What this task involves: Below this line is a set of entries; quote exactly the lines from the line that contains "apply Hleast; intros x [Hx Hxpos]." to the line that contains "destruct (Rle_lt_dec t0 t) as [Hle | Hlt].", both lines included.

Exercise data: Begin

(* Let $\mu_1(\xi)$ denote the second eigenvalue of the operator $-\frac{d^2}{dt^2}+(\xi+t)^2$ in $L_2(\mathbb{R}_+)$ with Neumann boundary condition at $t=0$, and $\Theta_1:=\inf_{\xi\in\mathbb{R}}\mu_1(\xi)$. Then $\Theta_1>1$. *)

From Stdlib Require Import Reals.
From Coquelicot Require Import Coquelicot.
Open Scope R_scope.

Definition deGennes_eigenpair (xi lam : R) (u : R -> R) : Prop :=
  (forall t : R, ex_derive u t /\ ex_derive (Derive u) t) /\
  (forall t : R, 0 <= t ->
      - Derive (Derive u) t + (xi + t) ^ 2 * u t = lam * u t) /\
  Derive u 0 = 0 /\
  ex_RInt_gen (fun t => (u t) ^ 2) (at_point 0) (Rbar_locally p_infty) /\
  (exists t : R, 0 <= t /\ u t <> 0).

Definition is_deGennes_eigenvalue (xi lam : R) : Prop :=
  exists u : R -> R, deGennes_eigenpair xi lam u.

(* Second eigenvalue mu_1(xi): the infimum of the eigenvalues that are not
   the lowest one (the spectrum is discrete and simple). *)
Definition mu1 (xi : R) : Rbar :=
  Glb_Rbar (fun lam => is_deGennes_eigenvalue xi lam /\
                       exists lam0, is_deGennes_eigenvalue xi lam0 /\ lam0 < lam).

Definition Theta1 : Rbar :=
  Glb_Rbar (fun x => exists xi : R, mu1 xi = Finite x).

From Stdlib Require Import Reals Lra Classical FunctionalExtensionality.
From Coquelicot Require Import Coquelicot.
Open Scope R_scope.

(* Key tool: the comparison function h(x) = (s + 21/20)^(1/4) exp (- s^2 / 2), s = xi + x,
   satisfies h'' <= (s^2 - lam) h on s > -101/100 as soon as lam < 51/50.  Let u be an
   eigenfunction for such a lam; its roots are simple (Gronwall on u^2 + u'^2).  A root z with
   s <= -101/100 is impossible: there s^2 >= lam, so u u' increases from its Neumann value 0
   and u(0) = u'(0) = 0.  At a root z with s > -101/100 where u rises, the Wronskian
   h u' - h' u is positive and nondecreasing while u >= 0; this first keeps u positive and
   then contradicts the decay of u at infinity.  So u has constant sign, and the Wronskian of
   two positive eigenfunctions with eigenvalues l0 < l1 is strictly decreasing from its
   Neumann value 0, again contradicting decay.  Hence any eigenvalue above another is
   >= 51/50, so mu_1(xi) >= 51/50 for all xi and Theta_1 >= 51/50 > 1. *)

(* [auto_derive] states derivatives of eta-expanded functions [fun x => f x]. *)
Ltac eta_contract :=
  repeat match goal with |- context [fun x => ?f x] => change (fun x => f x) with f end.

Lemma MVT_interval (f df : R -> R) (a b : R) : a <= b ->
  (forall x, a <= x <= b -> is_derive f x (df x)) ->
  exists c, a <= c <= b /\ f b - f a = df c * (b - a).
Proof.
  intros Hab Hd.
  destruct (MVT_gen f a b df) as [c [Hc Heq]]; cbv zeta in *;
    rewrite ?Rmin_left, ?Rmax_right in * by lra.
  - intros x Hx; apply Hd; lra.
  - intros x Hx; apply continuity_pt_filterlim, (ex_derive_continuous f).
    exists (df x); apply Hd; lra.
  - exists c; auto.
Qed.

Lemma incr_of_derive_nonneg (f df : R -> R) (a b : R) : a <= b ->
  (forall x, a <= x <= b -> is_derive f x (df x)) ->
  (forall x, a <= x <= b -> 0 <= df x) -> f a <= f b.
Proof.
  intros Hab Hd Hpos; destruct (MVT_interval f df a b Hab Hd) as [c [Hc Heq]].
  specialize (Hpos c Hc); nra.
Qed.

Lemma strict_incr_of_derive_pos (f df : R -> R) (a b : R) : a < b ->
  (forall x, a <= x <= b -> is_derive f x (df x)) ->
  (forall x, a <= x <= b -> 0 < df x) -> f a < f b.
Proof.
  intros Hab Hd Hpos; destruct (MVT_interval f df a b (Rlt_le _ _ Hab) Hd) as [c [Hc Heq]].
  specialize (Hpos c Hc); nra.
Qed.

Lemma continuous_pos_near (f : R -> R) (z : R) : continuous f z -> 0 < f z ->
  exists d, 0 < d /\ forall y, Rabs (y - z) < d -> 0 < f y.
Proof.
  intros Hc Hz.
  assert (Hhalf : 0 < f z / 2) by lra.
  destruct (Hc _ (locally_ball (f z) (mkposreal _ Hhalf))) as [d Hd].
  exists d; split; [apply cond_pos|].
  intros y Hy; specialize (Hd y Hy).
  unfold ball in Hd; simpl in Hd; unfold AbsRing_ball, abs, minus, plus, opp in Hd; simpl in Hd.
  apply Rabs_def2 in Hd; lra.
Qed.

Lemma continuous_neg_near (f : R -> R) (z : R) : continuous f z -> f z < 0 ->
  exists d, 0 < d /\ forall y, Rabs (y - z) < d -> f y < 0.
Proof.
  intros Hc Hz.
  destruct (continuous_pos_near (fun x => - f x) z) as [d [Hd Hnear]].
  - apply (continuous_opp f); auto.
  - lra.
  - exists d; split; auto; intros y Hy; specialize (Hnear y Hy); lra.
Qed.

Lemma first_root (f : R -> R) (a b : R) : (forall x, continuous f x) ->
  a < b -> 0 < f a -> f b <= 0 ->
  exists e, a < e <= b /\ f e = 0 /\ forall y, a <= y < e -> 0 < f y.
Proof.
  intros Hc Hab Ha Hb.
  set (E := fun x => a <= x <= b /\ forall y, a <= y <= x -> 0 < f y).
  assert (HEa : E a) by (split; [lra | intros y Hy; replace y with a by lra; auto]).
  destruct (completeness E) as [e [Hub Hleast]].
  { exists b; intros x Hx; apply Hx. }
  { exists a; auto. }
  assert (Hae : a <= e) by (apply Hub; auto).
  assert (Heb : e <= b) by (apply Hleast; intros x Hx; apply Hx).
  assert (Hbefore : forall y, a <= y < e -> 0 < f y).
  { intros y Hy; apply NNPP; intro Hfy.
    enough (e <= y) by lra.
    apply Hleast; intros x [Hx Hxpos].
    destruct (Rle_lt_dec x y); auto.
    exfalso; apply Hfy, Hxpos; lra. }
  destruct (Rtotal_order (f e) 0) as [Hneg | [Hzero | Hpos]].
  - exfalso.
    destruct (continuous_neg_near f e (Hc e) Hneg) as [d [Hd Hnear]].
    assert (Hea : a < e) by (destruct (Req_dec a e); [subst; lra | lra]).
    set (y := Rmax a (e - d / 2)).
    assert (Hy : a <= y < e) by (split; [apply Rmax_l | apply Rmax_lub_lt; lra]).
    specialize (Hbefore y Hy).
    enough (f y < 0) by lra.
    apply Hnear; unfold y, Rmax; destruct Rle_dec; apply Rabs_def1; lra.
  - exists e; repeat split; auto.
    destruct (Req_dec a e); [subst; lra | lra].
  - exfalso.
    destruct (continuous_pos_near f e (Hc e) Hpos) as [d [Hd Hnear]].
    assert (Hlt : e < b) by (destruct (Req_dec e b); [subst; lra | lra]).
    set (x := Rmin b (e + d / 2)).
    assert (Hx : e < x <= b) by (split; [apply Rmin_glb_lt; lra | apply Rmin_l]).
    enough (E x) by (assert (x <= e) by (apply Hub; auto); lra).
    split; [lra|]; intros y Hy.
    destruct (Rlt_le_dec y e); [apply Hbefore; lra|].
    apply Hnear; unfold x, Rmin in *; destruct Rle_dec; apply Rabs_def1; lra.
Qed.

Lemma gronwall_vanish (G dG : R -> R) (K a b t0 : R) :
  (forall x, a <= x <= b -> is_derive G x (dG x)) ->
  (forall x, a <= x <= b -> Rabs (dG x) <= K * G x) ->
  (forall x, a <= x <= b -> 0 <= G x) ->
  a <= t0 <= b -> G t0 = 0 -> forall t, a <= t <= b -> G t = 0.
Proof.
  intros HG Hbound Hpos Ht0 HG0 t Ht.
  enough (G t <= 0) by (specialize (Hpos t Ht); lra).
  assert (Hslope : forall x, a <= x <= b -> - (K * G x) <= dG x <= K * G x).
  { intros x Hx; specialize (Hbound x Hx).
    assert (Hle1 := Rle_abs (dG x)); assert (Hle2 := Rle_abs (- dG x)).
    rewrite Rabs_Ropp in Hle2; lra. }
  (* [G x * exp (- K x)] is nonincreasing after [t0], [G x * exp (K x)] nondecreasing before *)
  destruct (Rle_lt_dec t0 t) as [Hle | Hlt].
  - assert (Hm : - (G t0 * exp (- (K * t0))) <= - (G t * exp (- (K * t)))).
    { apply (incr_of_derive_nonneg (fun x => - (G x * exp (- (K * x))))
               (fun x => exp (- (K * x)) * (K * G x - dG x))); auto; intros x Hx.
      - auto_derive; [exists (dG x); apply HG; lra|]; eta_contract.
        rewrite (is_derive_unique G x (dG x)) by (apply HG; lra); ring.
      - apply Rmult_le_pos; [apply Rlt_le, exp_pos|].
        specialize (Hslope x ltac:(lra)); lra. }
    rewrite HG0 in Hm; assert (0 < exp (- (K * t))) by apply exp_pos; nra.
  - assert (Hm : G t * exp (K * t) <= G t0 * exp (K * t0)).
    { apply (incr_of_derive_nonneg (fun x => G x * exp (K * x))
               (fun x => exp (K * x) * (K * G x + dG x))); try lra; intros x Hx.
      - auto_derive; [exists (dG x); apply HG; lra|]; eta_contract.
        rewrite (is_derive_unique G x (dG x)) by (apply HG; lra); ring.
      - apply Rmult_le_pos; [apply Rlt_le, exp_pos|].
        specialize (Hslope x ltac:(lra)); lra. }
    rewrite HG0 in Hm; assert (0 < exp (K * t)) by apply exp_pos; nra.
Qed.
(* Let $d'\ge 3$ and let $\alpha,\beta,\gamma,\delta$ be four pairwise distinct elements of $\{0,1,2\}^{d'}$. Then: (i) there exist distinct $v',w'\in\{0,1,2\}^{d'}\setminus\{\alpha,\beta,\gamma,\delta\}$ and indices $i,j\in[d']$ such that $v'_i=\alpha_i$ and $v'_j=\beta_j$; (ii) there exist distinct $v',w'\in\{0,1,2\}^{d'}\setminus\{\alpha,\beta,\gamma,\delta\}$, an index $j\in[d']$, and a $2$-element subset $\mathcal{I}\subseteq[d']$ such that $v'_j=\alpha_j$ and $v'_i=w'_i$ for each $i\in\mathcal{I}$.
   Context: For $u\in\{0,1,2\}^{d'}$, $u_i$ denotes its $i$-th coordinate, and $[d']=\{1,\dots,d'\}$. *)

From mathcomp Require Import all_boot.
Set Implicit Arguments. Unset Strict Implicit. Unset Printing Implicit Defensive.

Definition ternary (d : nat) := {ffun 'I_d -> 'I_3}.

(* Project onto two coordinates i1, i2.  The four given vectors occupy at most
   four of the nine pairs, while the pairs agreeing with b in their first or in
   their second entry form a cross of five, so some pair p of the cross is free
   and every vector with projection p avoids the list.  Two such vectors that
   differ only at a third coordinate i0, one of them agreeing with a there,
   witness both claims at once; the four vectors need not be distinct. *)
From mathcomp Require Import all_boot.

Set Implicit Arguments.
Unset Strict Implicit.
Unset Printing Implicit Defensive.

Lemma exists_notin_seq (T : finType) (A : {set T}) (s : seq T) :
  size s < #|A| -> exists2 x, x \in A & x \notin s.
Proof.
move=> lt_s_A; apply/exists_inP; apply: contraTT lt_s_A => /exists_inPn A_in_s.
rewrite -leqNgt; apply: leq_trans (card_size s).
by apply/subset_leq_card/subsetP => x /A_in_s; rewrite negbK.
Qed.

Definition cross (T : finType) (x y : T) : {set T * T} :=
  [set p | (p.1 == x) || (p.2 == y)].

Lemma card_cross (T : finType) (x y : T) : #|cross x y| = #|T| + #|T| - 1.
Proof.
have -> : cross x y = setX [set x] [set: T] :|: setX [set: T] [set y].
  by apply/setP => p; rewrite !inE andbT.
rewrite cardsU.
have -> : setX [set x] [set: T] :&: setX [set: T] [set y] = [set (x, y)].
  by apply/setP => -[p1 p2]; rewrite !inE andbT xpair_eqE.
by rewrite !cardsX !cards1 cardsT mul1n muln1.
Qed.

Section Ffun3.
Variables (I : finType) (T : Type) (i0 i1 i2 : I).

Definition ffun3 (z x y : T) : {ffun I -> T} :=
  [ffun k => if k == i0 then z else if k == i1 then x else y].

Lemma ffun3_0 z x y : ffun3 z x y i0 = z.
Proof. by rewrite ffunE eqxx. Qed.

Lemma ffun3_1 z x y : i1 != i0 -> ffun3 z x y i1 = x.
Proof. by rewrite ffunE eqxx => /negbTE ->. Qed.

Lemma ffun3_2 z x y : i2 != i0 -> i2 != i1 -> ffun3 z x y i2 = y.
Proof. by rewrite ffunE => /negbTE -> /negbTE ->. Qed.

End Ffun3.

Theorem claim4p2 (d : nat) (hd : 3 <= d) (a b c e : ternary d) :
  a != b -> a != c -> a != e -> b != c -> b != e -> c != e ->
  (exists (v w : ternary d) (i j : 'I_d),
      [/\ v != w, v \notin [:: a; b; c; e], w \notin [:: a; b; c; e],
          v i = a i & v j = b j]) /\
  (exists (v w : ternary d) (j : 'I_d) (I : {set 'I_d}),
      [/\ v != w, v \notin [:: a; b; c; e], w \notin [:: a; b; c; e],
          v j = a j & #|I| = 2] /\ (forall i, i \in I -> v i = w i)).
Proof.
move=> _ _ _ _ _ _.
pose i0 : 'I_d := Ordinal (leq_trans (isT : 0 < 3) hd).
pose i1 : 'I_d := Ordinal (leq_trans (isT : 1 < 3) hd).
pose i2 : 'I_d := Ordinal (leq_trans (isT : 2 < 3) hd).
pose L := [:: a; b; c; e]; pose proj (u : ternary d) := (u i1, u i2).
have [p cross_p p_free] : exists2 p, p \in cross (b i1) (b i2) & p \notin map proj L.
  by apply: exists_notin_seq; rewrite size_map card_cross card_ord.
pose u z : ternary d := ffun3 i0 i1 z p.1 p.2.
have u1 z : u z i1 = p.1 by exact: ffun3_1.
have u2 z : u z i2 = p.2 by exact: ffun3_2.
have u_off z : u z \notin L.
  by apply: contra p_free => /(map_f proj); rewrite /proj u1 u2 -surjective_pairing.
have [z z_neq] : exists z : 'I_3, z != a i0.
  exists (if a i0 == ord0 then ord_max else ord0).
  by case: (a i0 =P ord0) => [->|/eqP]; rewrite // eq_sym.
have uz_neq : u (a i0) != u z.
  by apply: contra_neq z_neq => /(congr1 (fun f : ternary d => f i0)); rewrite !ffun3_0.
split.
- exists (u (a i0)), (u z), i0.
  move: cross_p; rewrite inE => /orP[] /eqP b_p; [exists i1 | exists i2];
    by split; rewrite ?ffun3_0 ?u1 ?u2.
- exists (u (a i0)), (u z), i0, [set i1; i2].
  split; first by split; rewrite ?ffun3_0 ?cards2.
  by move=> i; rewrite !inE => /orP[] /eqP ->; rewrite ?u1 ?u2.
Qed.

Exercise data: End

Reply to the exercise:
    apply Hleast; intros x [Hx Hxpos].
    destruct (Rle_lt_dec x y); auto.
    exfalso; apply Hfy, Hxpos; lra. }
  destruct (Rtotal_order (f e) 0) as [Hneg | [Hzero | Hpos]].
  - exfalso.
    destruct (continuous_neg_near f e (Hc e) Hneg) as [d [Hd Hnear]].
    assert (Hea : a < e) by (destruct (Req_dec a e); [subst; lra | lra]).
    set (y := Rmax a (e - d / 2)).
    assert (Hy : a <= y < e) by (split; [apply Rmax_l | apply Rmax_lub_lt; lra]).
    specialize (Hbefore y Hy).
    enough (f y < 0) by lra.
    apply Hnear; unfold y, Rmax; destruct Rle_dec; apply Rabs_def1; lra.
  - exists e; repeat split; auto.
    destruct (Req_dec a e); [subst; lra | lra].
  - exfalso.
    destruct (continuous_pos_near f e (Hc e) Hpos) as [d [Hd Hnear]].
    assert (Hlt : e < b) by (destruct (Req_dec e b); [subst; lra | lra]).
    set (x := Rmin b (e + d / 2)).
    assert (Hx : e < x <= b) by (split; [apply Rmin_glb_lt; lra | apply Rmin_l]).
    enough (E x) by (assert (x <= e) by (apply Hub; auto); lra).
    split; [lra|]; intros y Hy.
    destruct (Rlt_le_dec y e); [apply Hbefore; lra|].
    apply Hnear; unfold x, Rmin in *; destruct Rle_dec; apply Rabs_def1; lra.
Qed.

Lemma gronwall_vanish (G dG : R -> R) (K a b t0 : R) :
  (forall x, a <= x <= b -> is_derive G x (dG x)) ->
  (forall x, a <= x <= b -> Rabs (dG x) <= K * G x) ->
  (forall x, a <= x <= b -> 0 <= G x) ->
  a <= t0 <= b -> G t0 = 0 -> forall t, a <= t <= b -> G t = 0.
Proof.
  intros HG Hbound Hpos Ht0 HG0 t Ht.
  enough (G t <= 0) by (specialize (Hpos t Ht); lra).
  assert (Hslope : forall x, a <= x <= b -> - (K * G x) <= dG x <= K * G x).
  { intros x Hx; specialize (Hbound x Hx).
    assert (Hle1 := Rle_abs (dG x)); assert (Hle2 := Rle_abs (- dG x)).
    rewrite Rabs_Ropp in Hle2; lra. }
  (* [G x * exp (- K x)] is nonincreasing after [t0], [G x * exp (K x)] nondecreasing before *)
  destruct (Rle_lt_dec t0 t) as [Hle | Hlt].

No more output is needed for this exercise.